# Ilya Efimov Modern Bass. OUT NOW !



## Efimov (Jan 10, 2013)

MODERN BASS. 

http://www.ilyaefimov.com/products/modern-bass.html







* 3.5 Gb ncw compression format
* 3940 samples, 24 bit, 44.1 KHz
* Up to 12 velocity layers, 21 frets on each string with round-robin algorithm
* FINGERED, SLAP and PALM-MUTE in one patch
* Different natural legato for FINGER, SLAP and PALM-MUTE articulations
* THUMB and POP slap articulation, with Auto and Manual selection
* Auto and Manual String and Position Selection
* Attack control
* Slide-up, Flageolets, X-notes (two modes for x-note performance)
* Repetition keys for X-notes and last articulations
* Realistic glissando note-to-note
* Gliss-FX
* AMP cabinet and Bass tone effects
* Multiple FX and Noises (strokes, fret noises, releases)
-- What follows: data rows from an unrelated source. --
(* For x >= l the coefficient is constant, so u_t + u_x is transported along
   the characteristics x + t = const and vanishes because u vanishes in the
   past: the solution is outgoing at x = l.  Once phi has stopped, the energy
   E(t) = int_0^l A (u_t^2 + u_x^2) / 2 therefore decreases at the rate
   A_inf u_t(l,t)^2, while the Morawetz quantity M(t) = int_0^l e^(Kx) A u_t u_x,
   with K A >= A + |A'|, satisfies M' <= e^(Kl) A_inf u_t(l,t)^2 - E.  Hence
   E + M / (2 e^(Kl)) is a Lyapunov function and E decays exponentially.
   Integrating the equation over [0, l] shows that
   int_0^l A u_t + A_inf u(l,.) + int_0^t phi is conserved, hence zero, so
   u(0,t) - c(t) = - int_0^l (u_x + A u_t / A_inf), which is controlled by E. *)

Notation Ux U := (pderiv (cons true nil) U).
Notation Ut U := (pderiv (cons false nil) U).
Notation Uxx U := (pderiv (cons true (cons true nil)) U).
Notation Utt U := (pderiv (cons false (cons false nil)) U).
Notation Utx U := (pderiv (cons true (cons false nil)) U).
Notation Uxt U := (pderiv (cons false (cons true nil)) U).

Lemma ball_R (x e y : R) : ball x e y <-> Rabs (y - x) < e.
Proof. unfold ball; simpl; unfold AbsRing_ball, abs, minus, plus, opp; simpl. tauto. Qed.

Lemma is_derive_right_quotient (f : R -> R) x l : is_derive f x l ->
  filterlim (fun h => (f (x + h) - f x) / h) (at_right 0) (locally l).
Proof.
  intros H. apply is_derive_Reals in H.
  apply filterlim_locally. intros eps.
  destruct (H eps (cond_pos eps)) as [d Hd].
  exists d. intros h Hh Hh0. apply ball_R in Hh. apply ball_R.
  apply Hd; [lra |]. replace h with (h - 0) by ring. exact Hh.
Qed.

Lemma continuous_eq_on_right (f : R -> R) a c :
  continuous f a -> (forall y, a < y -> f y = c) -> f a = c.
Proof.
  intros Hc Hy.
  apply (@filterlim_locally_unique _ _ _ (at_right a)
           (Proper_StrongProper _ (at_right_proper_filter a)) f).
  - apply (filterlim_filter_le_1 (F := locally a) f). apply filter_le_within. exact Hc.
  - apply filterlim_ext_loc with (fun _ => c).
    + exists (mkposreal 1 Rlt_0_1). intros y _ H. symmetry. now apply Hy.
    + apply filterlim_const.
Qed.

Lemma Derive_locally_const (f : R -> R) x c : locally x (fun y => f y = c) -> Derive f x = 0.
Proof. intros H. rewrite (Derive_ext_loc f (fun _ => c)); auto using Derive_const. Qed.

Lemma is_derive_continuous (f : R -> R) x l : is_derive f x l -> continuous f x.
Proof. intros H. exact (ex_derive_continuous f x (ex_intro _ l H)). Qed.

Lemma ex_derive_continuity_pt (f : R -> R) x : ex_derive f x -> continuity_pt f x.
Proof. intros H. apply continuity_pt_filterlim. exact (ex_derive_continuous f x H). Qed.

Lemma ex_RInt_continuous_R (f : R -> R) a b : (forall z, continuous f z) -> ex_RInt f a b.
Proof. intros H. apply (@ex_RInt_continuous R_CompleteNormedModule). intros; apply H. Qed.

Lemma RInt_of_is_RInt (f : R -> R) a b v : is_RInt f a b v -> RInt f a b = v.
Proof. exact (@is_RInt_unique R_CompleteNormedModule f a b v). Qed.

Lemma continuity_pt_exp_scal K x : continuity_pt (fun x => exp (K * x)) x.
Proof. reg. Qed.

Lemma exp_monotone x y : x <= y -> exp x <= exp y.
Proof. intros [H|H]; [left; apply exp_increasing; auto | subst; right; auto]. Qed.

Lemma nonincreasing_of_derive_nonpos (h dh : R -> R) b t :
  (forall s, is_derive h s (dh s)) -> (forall s, b <= s -> dh s <= 0) -> b <= t -> h t <= h b.
Proof.
  intros Hd Hn Hbt. destruct (MVT_gen h b t dh) as [c [Hc Heq]].
  - intros; apply Hd.
  - intros; apply continuity_pt_filterlim; eapply is_derive_continuous; apply Hd.
  - rewrite Rmin_left, Rmax_right in Hc by lra.
    assert (dh c <= 0) by (apply Hn; lra). nra.
Qed.

Lemma continuity_2d_pt_swap f x y :
  continuity_2d_pt f x y -> continuity_2d_pt (fun u v => f v u) y x.
Proof. intros H eps. destruct (H eps) as [d Hd]. exists d. intros u v H1 H2. now apply Hd. Qed.

Lemma continuity_2d_pt_snd (g : R -> R) s x :
  continuity_pt g x -> continuity_2d_pt (fun _ y => g y) s x.
Proof.
  intros H. apply (continuity_1d_2d_pt_comp g (fun _ y => y)); auto.
  apply continuity_2d_pt_id2.
Qed.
Samples premium class custom 5-string bass guitar from F-BASS factory. 

Demo tracks
Sun December
[mp3]http://www.ilyaefimov.com/media/audio/IE_Modern_Bass_-_Sun_December.mp3[/mp3]
Bass part from Sun December
[mp3]http://www.ilyaefimov.com/media/audio/Sun_December_Bass_solo.mp3[/mp3]
Night Club
[mp3]http://www.ilyaefimov.com/media/audio/IE_Modern_Bass_-_Night_Club.mp3[/mp3]
Winter Road
[mp3]http://www.ilyaefimov.com/media/audio/IE_Modern_Bass_-_Winter_Road.mp3[/mp3]

99 euro


----------



## Efimov (Feb 4, 2013)

Demo tracks are available to listen


----------



## rpmusic (Feb 4, 2013)

*Re: Ilya Efimov Modern Bass. Releases this week !*

Wow! Absolutely the best bass I've heard and I own all of the "usual suspects!" Can't wait for this release.
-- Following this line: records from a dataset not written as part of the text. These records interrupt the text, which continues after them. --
Lemma oscillation_le_cover (phi : R -> R) d n (A : nat -> set (R * R)) s t :
  {within `[0, 1]%classic, continuous phi} -> 0 <= d ->
  (forall i, (i < n)%N -> diam_le (A i) d) ->
  graph phi `<=` \bigcup_(i in [set i : nat | (i < n)%N]) A i ->
  0 <= s -> t <= 1 -> forall x y, s <= x <= t -> s <= y <= t ->
  `|phi x - phi y| <= (\sum_(i < n) (meets_graph phi (A i) s t)%:R) * (2 * d).
Proof.
move=> cphi d0 hd hcov s0 t1.
suff H x y : s <= x <= t -> s <= y <= t -> x <= y ->
    `|phi x - phi y| <= (\sum_(i < n) (meets_graph phi (A i) s t)%:R) * (2 * d).
  move=> x y hx hy; case: (leP x y) => xy; first exact: H.
  by rewrite distrC; apply: H => //; apply: ltW.
move=> /andP [x1 x2] /andP [y1 y2] xy.
have cxy : {within `[x, y]%classic, continuous phi}.
  apply: continuous_subspaceW cphi => z /=; rewrite !in_itv /= => /andP [z1 z2].
  by apply/andP; split; lra.
pose c i := (xget (0, 0) (A i)).2.
have hit z : Num.min (phi x) (phi y) <= z <= Num.max (phi x) (phi y) ->
    exists2 i, (i < n)%N & meets_graph phi (A i) s t /\ `|z - c i| <= d.
  move=> /(IVT xy cxy) [t0]; rewrite in_itv /= => /andP [t01 t02] phit0.
  have /hcov [i /= ltin Ai] : graph phi (t0, phi t0).
    by exists t0 => //; rewrite in_itv /=; apply/andP; split; lra.
  exists i => //; split.
    by apply/asboolP; exists t0; split => //; apply/andP; split; lra.
  have Ax : A i (xget (0, 0) (A i)) by apply: xgetI Ai.
  rewrite -phit0; exact: le_trans (dist2_ge_snd (t0, phi t0) _) (hd i ltin _ _ Ai Ax).
have mm : Num.min (phi x) (phi y) <= Num.max (phi x) (phi y).
  by case: (leP (phi x) (phi y)) => h //; apply: ltW.
apply: le_trans (itv_length_le_cover d0 mm hit).
by case: (leP (phi x) (phi y)) => h; rewrite ler_norml; apply/andP; split; lra.
Qed.

Lemma sum_nat_window a b M :
  (\sum_(k < M) ((a <= k) && (k < b)) : nat)%N = (minn M b - a)%N.
Proof.
elim: M => [|M IH]; first by rewrite big_ord0 min0n.
by rewrite big_ord_recr /= IH; case: (leqP a M); case: (ltnP M b) => /=; lia.
Qed.

Lemma sum_clustered_le (Q : nat -> bool) M :
  (forall k k', Q k -> Q k' -> (k' <= k + 3)%N) ->
  (\sum_(k < M) (Q k : nat) <= 7)%N.
Proof.
move=> hQ.
have [/existsP [k0 Qk0]|/existsPn hn] := boolP [exists k : 'I_M, Q k]; last first.
  by rewrite big1 // => k _; rewrite (negbTE (hn k)).
apply: leq_trans (_ : (\sum_(k < M) (((k0 - 3) <= k) && (k < k0 + 4)) : nat) <= 7)%N.
  apply: leq_sum => k _; case: (boolP (Q k)) => // Qk.
  have := hQ _ _ Qk0 Qk; have := hQ _ _ Qk Qk0.
  by move=> h1 h2; rewrite (_ : (k0 - 3 <= k) && (k < k0 + 4) = true)%N //; lia.
rewrite sum_nat_window; lia.
Qed.

Definition column_hits (phi : R -> R) (A : nat -> set (R * R)) n (w : R) k : R :=
  \sum_(i < n) (meets_graph phi (A i) (k%:R * w) (Num.min (k.+1%:R * w) 1))%:R.

(* A set of diameter [2 w] meets the graph over columns of width [w] whose
   indices differ by at most three. *)
Lemma sum_column_hits_le (phi : R -> R) (w : R) n (A : nat -> set (R * R)) M :
  0 < w -> (forall i, (i < n)%N -> diam_le (A i) (2 * w)) ->
  \sum_(k < M) column_hits phi A n w k <= 7 * (n%:R : R).
Proof.
move=> w0 hd; rewrite /column_hits exchange_big /=.
have -> : 7 * n%:R = \sum_(i < n) (7 : R) by rewrite sumr_const card_ord mulr_natr.
apply: ler_sum => i _; rewrite -natr_sum ler_nat.
apply: (sum_clustered_le
  (Q := fun k => meets_graph phi (A i) (k%:R * w) (Num.min (k.+1%:R * w) 1))) => k k'.
move=> /asboolP [t0 [/andP [t1 t2] At0]] /asboolP [t0' [/andP [t1' t2'] At0']].
have /= := le_trans (dist2_ge_fst (t0, phi t0) (t0', phi t0')) (hd i (ltn_ord i) _ _ At0 At0').
rewrite ler_norml => /andP [e1 e2].
have t2m : t0 <= k.+1%:R * w by apply: le_trans t2 _; rewrite ge_min lexx.
have : k'%:R * w <= (k + 3)%:R * w.
  by move: t2m; rewrite natrD mulrS !mulrDl mul1r; lra.
by rewrite ler_pM2r // ler_nat.
Qed.

Lemma column_oscillation_le (phi : R -> R) (d w : R) n (A : nat -> set (R * R)) k x :
  {within `[0, 1]%classic, continuous phi} -> 0 <= d -> 0 < w ->
  (forall i, (i < n)%N -> diam_le (A i) d) ->
  graph phi `<=` \bigcup_(i in [set i : nat | (i < n)%N]) A i ->
  k%:R * w <= 1 -> x \in `[0, 1] -> k%:R * w <= x <= k.+1%:R * w ->
  `|phi x - phi (k%:R * w)| <= column_hits phi A n w k * (2 * d).
Proof.
move=> cphi d0 w0 hd hcov kw1; rewrite in_itv /= => /andP [_ x1] /andP [xk1 xk2].
have kw0 : 0 <= k%:R * w by apply: mulr_ge0 => //; apply: ltW.
have t1 : Num.min (k.+1%:R * w) 1 <= 1 by rewrite ge_min lexx orbT.
apply: (oscillation_le_cover cphi d0 hd hcov kw0 t1).
  by rewrite le_min xk1 xk2 x1.
by rewrite lexx le_min kw1 andbT ler_pM2r // ler_nat leqnSn.
Qed.

Lemma peval20 (x y : R) : peval2 0 x y = 0.
Proof. by rewrite /peval2 !horner0. Qed.

Lemma peval2_MXaddC (p : {poly {poly R}}) (c : {poly R}) x y :
  peval2 (p * 'X + c%:P) x y = peval2 p x y * y + c.[x].
Proof. by rewrite /peval2 hornerMXaddC hornerD hornerM hornerC. Qed.

Lemma ler_normM (a b A B : R) : `|a| <= A -> `|b| <= B -> `|a * b| <= A * B.
Proof. by move=> ha hb; rewrite normrM; apply: ler_pM. Qed.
Can you give me an idea of the CPU load compared to something like "Trilian?"

Thanks!


----------



## Efimov (Feb 6, 2013)

*The Modern Bass out now ! *

One more demo track is available.
Winter Road
[mp3]http://www.ilyaefimov.com/media/audio/IE_Modern_Bass_-_Winter_Road.mp3[/mp3]
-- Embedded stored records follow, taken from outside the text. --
(* Let $\mu(x,t)=\min(F(x,t),G(x,t))$. Then for all $x_1,x_2,t>0$, $$\int_{x_1}^{x_2}m(x,t)\,dx=\mu(x_1,t)-\mu(x_2,t),$$ and for all $x,t_1,t_2>0$, $$\int_{t_1}^{t_2}q(x,t)\,dt=\mu(x,t_2)-\mu(x,t_1).$$
   Context: Standing assumptions: $u_0,u_b:[0,\infty)\to\mathbb{R}$ bounded measurable with $u_b>0$; $\rho_0,\rho_b:[0,\infty)\to(0,\infty)$ positive locally bounded measurable. For $x,t,y,\tau\ge0$: $F(y,x,t)=\int_0^y[tu_0(\eta)+\eta-x]\rho_0(\eta)\,d\eta$, $G(\tau,x,t)=\int_0^\tau[x-u_b(\eta)(t-\eta)]\rho_b(\eta)u_b(\eta)\,d\eta$, $F(x,t)=\min_{y\ge0}F(y,x,t)$, $G(x,t)=\min_{\tau\ge0}G(\tau,x,t)$ (minima attained); $y_*$ is the smallest minimizer of $F(\cdot,x,t)$ and $\tau_*$ the smallest minimizer of $G(\cdot,x,t)$. For $x,t>0$: $m(x,t)=\int_0^{y_*(x,t)}\rho_0$ and $q(x,t)=\int_0^{y_*(x,t)}\rho_0u_0$ if $F(x,t)\le G(x,t)$; $m(x,t)=-\int_0^{\tau_*(x,t)}\rho_bu_b$ and $q(x,t)=-\int_0^{\tau_*(x,t)}\rho_bu_b^2$ if $F(x,t)>G(x,t)$. *)

From HB Require Import structures.
From mathcomp Require Import all_boot all_order all_algebra.
From mathcomp Require Import all_classical all_reals all_analysis.
Set Implicit Arguments. Unset Strict Implicit. Unset Printing Implicit Defensive.
Import Order.TTheory GRing.Theory Num.Theory.
Import numFieldNormedType.Exports.
Local Open Scope classical_set_scope.
Local Open Scope ring_scope.

Section Defs.
Variable R : realType.
Notation leb := (@lebesgue_measure R).

Definition Iab (a b : R) (f : R -> R) : R := \int[leb]_(z in `[a, b]) f z.

Definition oint (a b : R) (f : R -> R) : R :=
  if a <= b then Iab a b f else - Iab b a f.

Variables (u0 ub rho0 rhob : R -> R).

Definition Fyxt (y x t : R) : R :=
  Iab 0 y (fun eta => (t * u0 eta + eta - x) * rho0 eta).

Definition Gtxt (tau x t : R) : R :=
  Iab 0 tau (fun eta => (x - ub eta * (t - eta)) * rhob eta * ub eta).

(* F(x,t) = min_{y >= 0} F(y,x,t)  (the minimum is attained, so it is the inf) *)
Definition Fmin (x t : R) : R := inf [set Fyxt y x t | y in `[0, +oo[%classic].
Definition Gmin (x t : R) : R := inf [set Gtxt tau x t | tau in `[0, +oo[%classic].

Definition ystar (x t : R) : R :=
  inf [set y | 0 <= y /\ Fyxt y x t = Fmin x t].
Definition taustar (x t : R) : R :=
  inf [set tau | 0 <= tau /\ Gtxt tau x t = Gmin x t].

Definition mdens (x t : R) : R :=
  if Fmin x t <= Gmin x t then Iab 0 (ystar x t) rho0
  else - Iab 0 (taustar x t) (fun eta => rhob eta * ub eta).

Definition qflux (x t : R) : R :=
  if Fmin x t <= Gmin x t then Iab 0 (ystar x t) (fun eta => rho0 eta * u0 eta)
  else - Iab 0 (taustar x t) (fun eta => rhob eta * ub eta ^+ 2).

Definition mumin (x t : R) : R := Num.min (Fmin x t) (Gmin x t).

End Defs.

From HB Require Import structures.
From mathcomp Require Import all_boot all_order all_algebra.
From mathcomp Require Import all_classical all_reals all_analysis.
From mathcomp Require Import ring lra measurable_realfun.
Import Order.TTheory GRing.Theory Num.Theory.
Import numFieldNormedType.Exports.
Local Open Scope classical_set_scope.
Local Open Scope ring_scope.
Set Implicit Arguments. Unset Strict Implicit. Unset Printing Implicit Defensive.

(* For fixed t, mu(., t) is the smaller of two infima of functions affine in x,
   so a minimizer at x gives the supergradient inequality
   mu(z,t) <= mu(x,t) - m(x,t) (z - x); in the same way q(x, .) is a
   supergradient of mu(x, .).  A supergradient g of phi on (0, +oo) is
   nonincreasing, hence integrable on compact intervals, and on each cell
   [c, d] the difference between the integral of g and phi d - phi c is at most
   (g c - g d)(d - c); these errors telescope over a uniform partition, which
   gives the fundamental theorem of calculus for g.  Smallest minimizers exist
   because y |-> F(y,x,t) is locally Lipschitz and nondecreasing for large y. *)

Section interval_integral.
Context {R : realType}.
Notation leb := (@lebesgue_measure R).
Implicit Types (f : R -> R) (a b c : R).

Lemma integrable_itv_bounded f a b M : measurable_fun `[a, b] f ->
  (forall z, a <= z <= b -> `|f z| <= M) -> leb.-integrable `[a, b] (EFin \o f).
Proof.
move=> mf fM; apply: measurable_bounded_integrable => //.
- by move: (lebesgue_measure_itv `[a, b]%R) => /= ->; case: ifP => _; rewrite ?ltry.
- exists M; split; first exact: num_real.
  move=> M' MM' z /=; rewrite in_itv /= => zab.
  by rewrite (le_trans (fM _ zab)) // ltW.
Qed.

Lemma Iab_xx f a : Iab a a f = 0.
Proof. by rewrite /Iab set_itv1 Rintegral_set1. Qed.

Lemma Iab_split f a b c : a <= c -> c <= b -> leb.-integrable `[a, b] (EFin \o f) ->
  Iab a b f = Iab a c f + Iab c b f.
Proof.
move=> ac cb intf.
have intcb : leb.-integrable `]c, b] (EFin \o f).
  by apply: integrableS intf => //; apply: subset_itvr; rewrite bnd_simp.
have := @Rintegral_itvB R f (BLeft a) (BRight b) c intf.
rewrite !bnd_simp Rintegral_itv_obnd_cbnd // => /(_ ac cb) E.
by rewrite /Iab -E addrC subrK.
Qed.

Lemma Iab_bounds f a b lo hi : a <= b -> leb.-integrable `[a, b] (EFin \o f) ->
  (forall z, a <= z <= b -> lo <= f z <= hi) ->
  lo * (b - a) <= Iab a b f <= hi * (b - a).
Proof.
move=> ab intf fb.
have length_ab : fine (leb `[a, b]) = b - a.
  rewrite lebesgue_measure_itv /= lte_fin; case: ltgtP ab => // -> _.
  by rewrite subrr.
have intcst k : leb.-integrable `[a, b] (EFin \o fun=> k).
  exact: (@integrable_itv_bounded _ _ _ `|k|).
rewrite -length_ab -!Rintegral_cst //.
by apply/andP; split; apply: le_Rintegral => // z;
  rewrite /= in_itv /= => /fb /andP[].
Qed.

Lemma IabN f a b : leb.-integrable `[a, b] (EFin \o f) ->
  Iab a b (fun x => - f x) = - Iab a b f.
Proof.
move=> intf; rewrite /Iab -mulN1r -RintegralZl //.
by apply: eq_Rintegral => x _; rewrite mulN1r.
Qed.

End interval_integral.

Lemma le0_bounded_multiples (R : archiFieldType) (x K : R) :
  (forall n : nat, (0 < n)%N -> x * n%:R <= K) -> x <= 0.
Proof.
move=> xK; rewrite leNgt; apply/negP => x0.
have := xK (Num.truncn (K / x)).+1 isT.
have := truncnS_gt (K / x).
by rewrite -(ltr_pM2l x0) mulrCA mulfV ?gt_eqF // mulr1; lra.
Qed.

Section supergradient.
Context {R : realType}.
Notation leb := (@lebesgue_measure R).
Variables phi g : R -> R.
Hypothesis phi_supergrad :
  forall x z, 0 < x -> 0 < z -> phi z <= phi x + g x * (z - x).

Lemma supergrad_antitone x z : 0 < x -> x <= z -> g z <= g x.
Proof.
move=> x0; rewrite le_eqVlt => /predU1P[-> // | xz].
have z0 := lt_trans x0 xz.
have := phi_supergrad x0 z0; have := phi_supergrad z0 x0; nra.
Qed.

Lemma integrable_supergrad a b : 0 < a -> leb.-integrable `[a, b] (EFin \o g).
Proof.
move=> a0.
pose g_clamped z := g (Num.max a (Num.min z b)).
have mg : measurable_fun `[a, b] g.
  have : measurable_fun `[a, b] g_clamped.
    apply: nonincreasing_measurable => // s t st.
    by apply: supergrad_antitone; rewrite ?lt_max ?a0 // le_max2 // le_min2.
  apply: eq_measurable_fun => z; rewrite inE /= in_itv /= => /andP[az zb].
  by rewrite /g_clamped (min_l zb) (max_r az).
apply: (@integrable_itv_bounded _ _ _ _ (`|g a| + `|g b|)) => // z /andP[az zb].
have := supergrad_antitone a0 az; have := supergrad_antitone (lt_le_trans a0 az) zb.
have := ler_norm (g a); have := ler_norm (- g b); rewrite normrN ler_norml.
have := normr_ge0 (g a); have := normr_ge0 (g b); lra.
Qed.

Lemma supergrad_step c d : 0 < c -> c <= d ->
  `|Iab c d g - (phi d - phi c)| <= (g c - g d) * (d - c).
Proof.
move=> c0 cd; have d0 := lt_le_trans c0 cd.
have g_between z : c <= z <= d -> g d <= g z <= g c.
  move=> /andP[cz zd].
  by rewrite supergrad_antitone ?(lt_le_trans c0 cz) ?supergrad_antitone.
have /andP[lo hi] := Iab_bounds cd (integrable_supergrad d c0) g_between.
have := phi_supergrad c0 d0; have := phi_supergrad d0 c0.
rewrite ler_norml; nra.
Qed.

(* The cell errors of [supergrad_step] telescope. *)
Lemma supergrad_partition a h (k : nat) : 0 < a -> 0 < h ->
  `|Iab a (a + k%:R * h) g - (phi (a + k%:R * h) - phi a)|
    <= (g a - g (a + k%:R * h)) * h.
Proof.
move=> a0 h0; elim: k => [|k IH].
  by rewrite mul0r addr0 Iab_xx !subrr normr0 mul0r.
set c := a + k%:R * h in IH *.
have -> : a + k.+1%:R * h = c + h by rewrite /c -addn1 natrD mulrDl mul1r addrA.
have ac : a <= c by rewrite /c lerDl mulr_ge0 // ltW.
have cch : c <= c + h by rewrite lerDl ltW.
have := supergrad_step (lt_le_trans a0 ac) cch; rewrite [c + h - c]addrC addKr.
rewrite (@Iab_split _ _ a (c + h) c) ?(le_trans ac cch) ?integrable_supergrad //.
have := ler_normD (Iab a c g - (phi c - phi a))
                  (Iab c (c + h) g - (phi (c + h) - phi c)).
have -> : Iab a c g + Iab c (c + h) g - (phi (c + h) - phi a) =
  (Iab a c g - (phi c - phi a)) + (Iab c (c + h) g - (phi (c + h) - phi c)) by ring.
lra.
Qed.

Lemma Iab_supergrad a b : 0 < a -> a <= b -> Iab a b g = phi b - phi a.
Proof.
move=> a0 ab; apply/eqP; rewrite -subr_eq0 -normr_eq0 eq_le normr_ge0 andbT.
apply: (le0_bounded_multiples (K := (g a - g b) * (b - a))) => n n0.
have n0' : 0 < n%:R :> R by rewrite ltr0n.
have [<-|ab'] := eqVneq a b; first by rewrite Iab_xx !subrr normr0 !mul0r.
have h0 : 0 < (b - a) / n%:R by rewrite divr_gt0 // subr_gt0 lt_neqAle ab' ab.
have := supergrad_partition n a0 h0.
have -> : a + n%:R * ((b - a) / n%:R) = b.
  by rewrite mulrC -mulrA mulVf ?mulr1 ?subrKC // gt_eqF.
by rewrite -(ler_pM2r n0') -mulrA divfK ?gt_eqF.
Qed.

Lemma oint_supergrad a b : 0 < a -> 0 < b -> oint a b g = phi b - phi a.
Proof.
move=> a0 b0; rewrite /oint; case: leP => [ab | /ltW ba].
  exact: Iab_supergrad.
by rewrite Iab_supergrad // opprB.
Qed.

End supergradient.

Lemma oint_subgrad (R : realType) (phi g : R -> R) :
  (forall x z, 0 < x -> 0 < z -> phi x + g x * (z - x) <= phi z) ->
  forall a b, 0 < a -> 0 < b -> oint a b g = phi b - phi a.
Proof.
move=> phi_subgrad a b a0 b0.
have neg_supergrad x z : 0 < x -> 0 < z ->
    - phi z <= - phi x + - g x * (z - x).
  by move=> x0 z0; have := phi_subgrad x z x0 z0; rewrite mulNr; lra.
have int_g c d : 0 < c -> lebesgue_measure.-integrable `[c, d] (EFin \o g).
  move=> c0; have := integrableN (integrable_supergrad neg_supergrad d c0).
  by apply: eq_integrable => // x _; rewrite /= opprK.
have := oint_supergrad neg_supergrad a0 b0.
by rewrite /oint; case: leP => [_ | /ltW _]; rewrite IabN ?int_g //; lra.
Qed.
MIDI files of the tracks you can also download on our website in audioplayer. (Download MIDI)


----------



## Marius Masalar (Feb 6, 2013)

That sounds beautiful, Ilya. Congratulations on the release


----------



## Efimov (Feb 8, 2013)

There was some confusion related to the launching of the new site, and some confusion with the prices. We have already returned price difference to customers who have purchased yesterday. 
So normal Modern Bass price is 99 eur.
I'm sorry about this mess. This was not a marketing test. Trust me. 
In any case I think this is good news


----------



## Justus (Feb 8, 2013)

Sweeeet sound!
I especially like the muted short notes.


----------



## marcotronic (Feb 9, 2013)

Sounds great! Love that slap sound in Winter Road!  Also nice groovy song!

Marco


----------



## shakuman (Feb 10, 2013)

It sounds awesome! Congrats Ilya.. =o


----------



## JoelS (Feb 10, 2013)

I just bought this last night, and I must say I'm very pleased with it. It actually works well in metal, too. You can get a sound kind of like D.D. Verni from Overkill using the slap/pop articulation and a little amplification.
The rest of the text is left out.